JAKARTA – Komisi XII DPR RI meminta pemerintah mengawal ketat rencana ekspor listrik rendah karbon ke Singapura agar tidak hanya meningkatkan perdagangan energi, tetapi juga memberikan manfaat ekonomi yang maksimal bagi Indonesia. Penetapan skema harga dinilai menjadi faktor krusial agar kerja sama tersebut tetap menguntungkan kepentingan nasional.
Dilansir dari kontan.co.id Anggota Komisi XII DPR RI, Yulisman, mengatakan proyek interkoneksi listrik lintas batas ini berpotensi memperkuat posisi Indonesia sebagai salah satu pusat energi bersih di kawasan ASEAN. Namun, menurutnya, keberhasilan kerja sama tidak boleh hanya diukur dari besarnya volume listrik yang diekspor.
“Kerja sama ini harus memberikan manfaat yang seimbang bagi kedua negara, namun yang paling penting adalah mampu menghadirkan nilai tambah sebesar-besarnya bagi Indonesia,” ujar Yulisman dalam keterangan tertulis, Rabu (8/7/2026).
Baca Juga : Resep Sambal Jengkol Teri, Pedas Gurih Bikin Nasi Nambah
Ia menilai proyek tersebut harus mampu mendorong masuknya investasi, membuka lapangan kerja, mempercepat transfer teknologi, hingga memperkuat rantai pasok industri hijau nasional.

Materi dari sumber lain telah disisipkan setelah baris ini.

Lemma slope_antitone (c1 c2 : R) : 0 <= c1 <= c2 -> slope c2 <= slope c1.
Proof.
  intros Hc. assert (H := slope_sub c1 c2 ltac:(lra) ltac:(lra)).
  assert (0 < slope c1) by (apply slope_pos; lra).
  assert (0 < slope c2) by (apply slope_pos; lra).
  assert (0 <= ln 2 * (c2 - c1)) by (generalize ln2_pos; nra).
  assert (0 <= ln 2 * (c2 - c1) * slope c1 * slope c2)
    by (apply Rmult_le_pos; [apply Rmult_le_pos |]; lra).
  lra.
Qed.

Lemma cap_sub_ge (a b c : R) : 0 <= a <= b -> b <= c -> slope c * (b - a) <= cap b - cap a.
Proof.
  intros Hab Hbc. unfold cap.
  assert (H := log2_sub_ge (1 + gamma * a) (1 + gamma * b) ltac:(nra) ltac:(nra)).
  assert (slope c * (b - a) <= (1 + gamma * b - (1 + gamma * a)) / (1 + gamma * b) / ln 2);
    [| lra].
  replace ((1 + gamma * b - (1 + gamma * a)) / (1 + gamma * b) / ln 2)
    with (slope b * (b - a)) 
    by (unfold slope; field; split; apply Rgt_not_eq; first [apply ln2_pos | nra]).
  apply Rmult_le_compat_r; [lra |]. apply slope_antitone. lra.
Qed.

Lemma cap_sub_le (a b c : R) : 0 <= c <= a -> a <= b -> cap b - cap a <= slope c * (b - a).
Proof.
  intros Hca Hab. unfold cap.
  assert (H := log2_sub_le (1 + gamma * a) (1 + gamma * b) ltac:(nra) ltac:(nra)).
  assert ((1 + gamma * b - (1 + gamma * a)) / (1 + gamma * a) / ln 2 <= slope c * (b - a));
    [| lra].
  replace ((1 + gamma * b - (1 + gamma * a)) / (1 + gamma * a) / ln 2)
    with (slope a * (b - a)) 
    by (unfold slope; field; split; apply Rgt_not_eq; first [apply ln2_pos | nra]).
  apply Rmult_le_compat_r; [lra |]. apply slope_antitone. lra.
Qed.

Lemma feasible_psum_bounds (L k : nat) (x : nat -> R) :
  feasible B L x -> (k <= L)%nat -> 0 <= psum x k <= B.
Proof.
  intros [Hx Hs] Hk. split.
  - rewrite <- (psum_0 x). apply (psum_nondecr x L); [exact Hx | lia].
  - assert (psum x k <= psum x L) by (apply (psum_nondecr x L); [exact Hx | lia]). lra.
Qed.

Lemma div_w_le (y : R) : 0 <= y -> 0 <= y / INR w <= y.
Proof.
  intros Hy. assert (H1 := INR_w_ge_1). split.
  - apply Rdiv_le_0_compat; lra.
  - apply (Rmult_le_reg_r (INR w)); [lra |].
    unfold Rdiv. rewrite Rmult_assoc, Rinv_l by lra. nra.
Qed.

Lemma T_body_le (L : nat) (x : nat -> R) : feasible B L x ->
  T_body L x <= (psum coefA L + psum coefB L + INR w * coefA (S L)) * cap B.
Proof.
  intros Hf. unfold T_body.
  assert (Hres : forall k, (k <= L)%nat -> cap ((B - psum x k) / INR w) <= cap B).
  { intros k Hk. apply cap_le. assert (H := feasible_psum_bounds L k x Hf Hk).
    assert (H' := div_w_le (B - psum x k) ltac:(lra)). lra. }
  rewrite !Rmult_plus_distr_r, <- !psum_scal_r.
  repeat apply Rplus_le_compat; try apply psum_le; intros.
  - apply Rmult_le_compat_l; [apply Rlt_le, coefA_pos |].
    apply cap_le. split; [apply (proj1 Hf); lia |].
    assert (x j <= psum x L) by (apply le_psum; [apply (proj1 Hf) | lia]).
    destruct Hf. lra.
  - apply Rmult_le_compat_l; [apply coefB_nonneg | apply Hres; lia].
  - apply Rmult_le_compat_l; [| apply Hres; lia].
    apply Rmult_le_pos; [apply pos_INR | apply Rlt_le, coefA_pos].
Qed.

Lemma T_body_S (N : nat) (y : nat -> R) : T_body (S N) y =
  psum (fun j => coefA j * cap (y j)) N + coefA (S N) * cap (y (S N))
  + psum (fun k => coefB k * cap ((B - psum y k) / INR w)) N
  + INR w * coefA (S N) * cap ((B - psum y (S N)) / INR w).
Proof. unfold T_body. rewrite !psum_S, (coefB_eq (S N)). ring. Qed.

Definition fill (rho : R) : R := rho / (INR w + 2).

Definition fill_gain (N : nat) (rho : R) : R :=
  coefA (S N) * fill rho * (slope (fill rho) - slope ((rho - fill rho) / INR w)).

Lemma fill_bounds (rho : R) :
  0 < rho -> 0 < fill rho < rho /\ fill rho < (rho - fill rho) / INR w.
Proof.
  intros Hr. assert (H1 := INR_w_ge_1). unfold fill. split; [split |].
  - apply Rdiv_lt_0_compat; lra.
  - apply (Rmult_lt_reg_r (INR w + 2)); [lra |].
    unfold Rdiv. rewrite Rmult_assoc, Rinv_l by lra. nra.
  - apply (Rmult_lt_reg_r (INR w * (INR w + 2))); [nra |].
    replace ((rho - rho / (INR w + 2)) / INR w * (INR w * (INR w + 2)))
      with (rho * (INR w + 1)) by (field; lra).
    replace (rho / (INR w + 2) * (INR w * (INR w + 2))) with (rho * INR w) by (field; lra).
    lra.
Qed.

Lemma fill_gain_pos (N : nat) (rho : R) : 0 < rho -> 0 < fill_gain N rho.
Proof.
  intros Hr. destruct (fill_bounds rho Hr) as [[H0 _] H1]. unfold fill_gain.
  rewrite slope_sub by lra.
  assert (Hl := ln2_pos). assert (Hc := coefA_pos (S N)).
  assert (Hs0 := slope_pos (fill rho) ltac:(lra)).
  assert (Hs1 := slope_pos ((rho - fill rho) / INR w) ltac:(lra)).
  apply Rmult_lt_0_compat; [apply Rmult_lt_0_compat; lra |].
  apply Rmult_lt_0_compat; [apply Rmult_lt_0_compat; [apply Rmult_lt_0_compat |] |]; lra.
Qed.

(* The new coordinate earns at rate at least [slope (fill rho)], while the
   residual term, whose argument stays above [(rho - fill rho) / w], loses at
   rate at most [slope ((rho - fill rho) / w)], which is smaller. *)
Lemma T_body_fill (N : nat) (x : nat -> R) (rho : R) :
  supported N x -> 0 < rho -> rho <= B - psum x N ->
  T_body (S N) x + fill_gain N rho <= T_body (S N) (upd x (S N) (fill rho)).
Proof.
  intros Hx Hr Hres. set (e := fill rho). set (r := B - psum x N) in *.
  destruct (fill_bounds rho Hr) as [[He _] Hlt]. fold e in He, Hlt.
  assert (H1 := INR_w_ge_1).
  assert (Hpre : forall k, (k <= N)%nat -> psum (upd x (S N) e) k = psum x k).
  { intros k Hk. rewrite psum_upd, (proj2 (Nat.leb_gt _ _)) by lia. ring. }
  assert (Hlast : psum (upd x (S N) e) (S N) = psum x N + e).
  { rewrite psum_upd, Nat.leb_refl, psum_S, Hx by lia. ring. }
  rewrite !T_body_S, Hlast, upd_eq, Hx, cap_0, (psum_supported x N (S N) Hx) by lia.
  rewrite (psum_ext (fun j => coefA j * cap (upd x (S N) e j)) (fun j => coefA j * cap (x j)))
    by (intros j Hj; rewrite upd_neq by lia; reflexivity).
  rewrite (psum_ext (fun k => coefB k * cap ((B - psum (upd x (S N) e) k) / INR w))
             (fun k => coefB k * cap ((B - psum x k) / INR w)))
    by (intros k Hk; rewrite Hpre by lia; reflexivity).
  assert (Hgain : coefA (S N) * (slope e * (e - 0)) <= coefA (S N) * (cap e - cap 0)).
  { apply Rmult_le_compat_l; [apply Rlt_le, coefA_pos | apply cap_sub_ge; lra]. }
  assert (Hloss : cap (r / INR w) - cap ((r - e) / INR w)
                  <= slope ((rho - e) / INR w) * (r / INR w - (r - e) / INR w)).
  { apply cap_sub_le.
    - split; [lra |]. unfold Rdiv. apply Rmult_le_compat_r; [| lra].
      apply Rlt_le, Rinv_0_lt_compat. lra.
    - unfold Rdiv. apply Rmult_le_compat_r; [apply Rlt_le, Rinv_0_lt_compat |]; lra. }
  replace (r / INR w - (r - e) / INR w) with (e / INR w) in Hloss by (field; lra).
  apply (Rmult_le_compat_l (INR w * coefA (S N))) in Hloss;
    [| apply Rmult_le_pos; [lra | apply Rlt_le, coefA_pos]].
  replace (INR w * coefA (S N) * (slope ((rho - e) / INR w) * (e / INR w)))
    with (coefA (S N) * e * slope ((rho - e) / INR w)) in Hloss by (field; lra).
  rewrite cap_0 in Hgain.
  replace (B - (psum x N + e)) with (r - e) by (unfold r; ring).
  unfold fill_gain. fold e. fold r. lra.
Qed.

Definition transfer_gain (N : nat) (rho : R) : R :=
  rho * (p * coefA N) * (ln 2 * rho * slope B ^ 2).

Lemma transfer_gain_pos (N : nat) (rho : R) : 0 < rho -> 0 < transfer_gain N rho.
Proof.
  intros Hr. unfold transfer_gain. assert (Hl := ln2_pos). assert (Hc := coefA_pos N).
  assert (Hs := slope_pos B ltac:(lra)).
  apply Rmult_lt_0_compat; [apply Rmult_lt_0_compat; [lra | nra] |].
  apply Rmult_lt_0_compat; [nra | apply pow_lt; lra].
Qed.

Yulisman menjelaskan, kesepakatan dalam Leaders’ Retreat Indonesia–Singapura pada awal Juli 2026 menjadi dasar pengembangan proyek ekspor listrik hijau. Melalui nota kesepahaman yang telah ditandatangani kedua negara, kapasitas ekspor listrik rendah karbon ditargetkan mencapai 3,4 gigawatt (GW) secara bertahap hingga 2035.
Meski demikian, ia mengingatkan Indonesia tidak boleh hanya berperan sebagai pemasok energi bagi negara lain tanpa memperoleh keuntungan jangka panjang.
Baca Juga : Ketua DPRD Sukabumi Dampingi Bahlil Lahadalia Safari Ramadan di Ponpes Azzainiyah
Menurutnya, kerja sama ini harus menjadi momentum untuk memperkuat industri manufaktur komponen energi terbarukan dalam negeri, mendukung program hilirisasi, serta meningkatkan kapasitas sumber daya manusia di sektor energi bersih.
“Saya optimistis, dengan negosiasi yang dilakukan secara cermat oleh Menteri ESDM beserta jajaran, Indonesia akan memperoleh skema kerja sama yang saling menguntungkan. Ekspor listrik hijau harus menjadi momentum untuk memperkuat ketahanan energi nasional, mempercepat hilirisasi industri hijau, menarik investasi berkualitas, serta menjadikan Indonesia sebagai pemain utama energi bersih di kawasan ASEAN,” katanya.
Sementara itu, Menteri Energi dan Sumber Daya Mineral (ESDM) Bahlil Lahadalia memastikan proses negosiasi tarif ekspor listrik ke Singapura masih berlangsung. Pemerintah, kata dia, menginginkan kesepakatan yang adil dan memberikan manfaat ekonomi bagi kedua negara.
“Nah, terkait dengan harga listrik ke Singapura, proses tahapannya berjalan, tetapi kita masih menegosiasikan harga. Regulasi kita memang menempatkan harga itu di pemerintah. Kita ingin ada win-win, saling menguntungkan. Kerja sama itu harus saling menguntungkan kedua pihak. Tinggal di titik itu saja dan saya pikir sebentar lagi akan ada titik temu,” ujar Bahlil.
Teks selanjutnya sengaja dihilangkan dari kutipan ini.